Come stanno dunque le cose? Chi ha ragione?

In realtà il documento sinodale attesta un travaglio ecclesiale che inizia nel 1981, con il testo di Familiaris Consortio. Ed è significativo che la Relatio argomenti proprio ricominciando dall’inizio, ossia da FC.

In effetti, in FC viene superata l’idea – comune fino ad allora – che considerava i fedeli divorziati risposati come scomunicati, addirittura come “infames”. Nell’affermare la “non separatezza” dal Corpo di Cristo, FC apriva il travaglio ecclesiale di una contraddizione tra una comunione ecclesiale riconosciuta e una comunione sacramentale negata.

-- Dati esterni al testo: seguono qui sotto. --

Variables (t0 : V1) (x0 : E1).
Hypotheses (T1t0 : t0 \in T1) (Out_x0 : x0 \in Out_ tl1 s1).

Let rank_source_span : \rank source_span = (w * L)%N.
Proof.
apply/eqP; rewrite eqn_leq rank_leq_col /=.
case: solN => _ _ _ /(_ _ (N_of1_rcv T1t0)); rewrite in_span_N1 // => dec.
rewrite -[X in (X <= _)%N]dec mxrankS //.
by apply/sumsmx_subP => d _; rewrite genmxE.
Qed.

Let block_lt (r : 'I_(w * L)) : (r %/ L < w)%N.
Proof. by rewrite ltn_divLR. Qed.

Definition source_stack : 'M[F]_(w * L) :=
  \matrix_(r, c)
    N1_global (out_edge card_Out (Ordinal (block_lt r))) (Ordinal (ltn_pmod r L_gt0)) c.

Let row_source_stack r : row r source_stack =
  row (Ordinal (ltn_pmod r L_gt0)) (N1_global (out_edge card_Out (Ordinal (block_lt r)))).
Proof. by apply/rowP => k; rewrite !mxE. Qed.

Lemma row_N1_global e c : e \in Out_ tl1 s1 ->
  row c (N1_global e) =
  row (Ordinal (block_index_lt (out_index Out_x0 card_Out e) c)) source_stack.
Proof.
move=> Oe; rewrite row_source_stack; set r := Ordinal (block_index_lt _ _).
have -> : Ordinal (block_lt r) = out_index Out_x0 card_Out e.
  by apply/val_inj; rewrite /= divnMDl // divn_small ?addn0.
have -> : Ordinal (ltn_pmod r L_gt0) = c.
  by apply/val_inj; rewrite /= modnMDl modn_small.
by rewrite out_indexK.
Qed.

In altri termini, questa grande apertura dottrinale, che dobbiamo riconoscere e riferire proprio a FC, non ebbe come conseguenza un vero mutamento disciplinare. Affermò una nuova dottrina, ma lasciò sostanzialmente la vecchia disciplina. Coloro che venivano definiti come appartenenti alla comunione ecclesiale, non potevano accedere né alla penitenza né alla comunione, ma trovavano ostacoli a numerose altre “funzioni” o “identità ecclesiali”: queste resteranno implicite fino a quando l’elenco completo verrà presentato dal cardinale Joseph Ratzinger, in qualità di prefetto della Congregazione per la dottrina della fede, nella sua introduzione al volume Sulla pastorale dei divorziati risposati (1998): le responsabilità ecclesiali precluse ai divorziati risposati sono: incarico di padrino, lettore, ministro straordinario dell’eucaristia, insegnante di religione, catechista per la prima comunione e per la cresima, membro del consiglio pastorale diocesano e parrocchiale, testimone di nozze, che è sconsigliato, ma non impedito. Questo elenco, non è “atto magisteriale”, ma ragionamento teologico, autorevole ma discutibile.

Ora il testo della Relatio, al n.84 dice, invece:

 “occorre perciò discernere quali delle diverse forme di esclusione attualmente praticate in ambito liturgico, pastorale, educativo e istituzionale possano essere superate.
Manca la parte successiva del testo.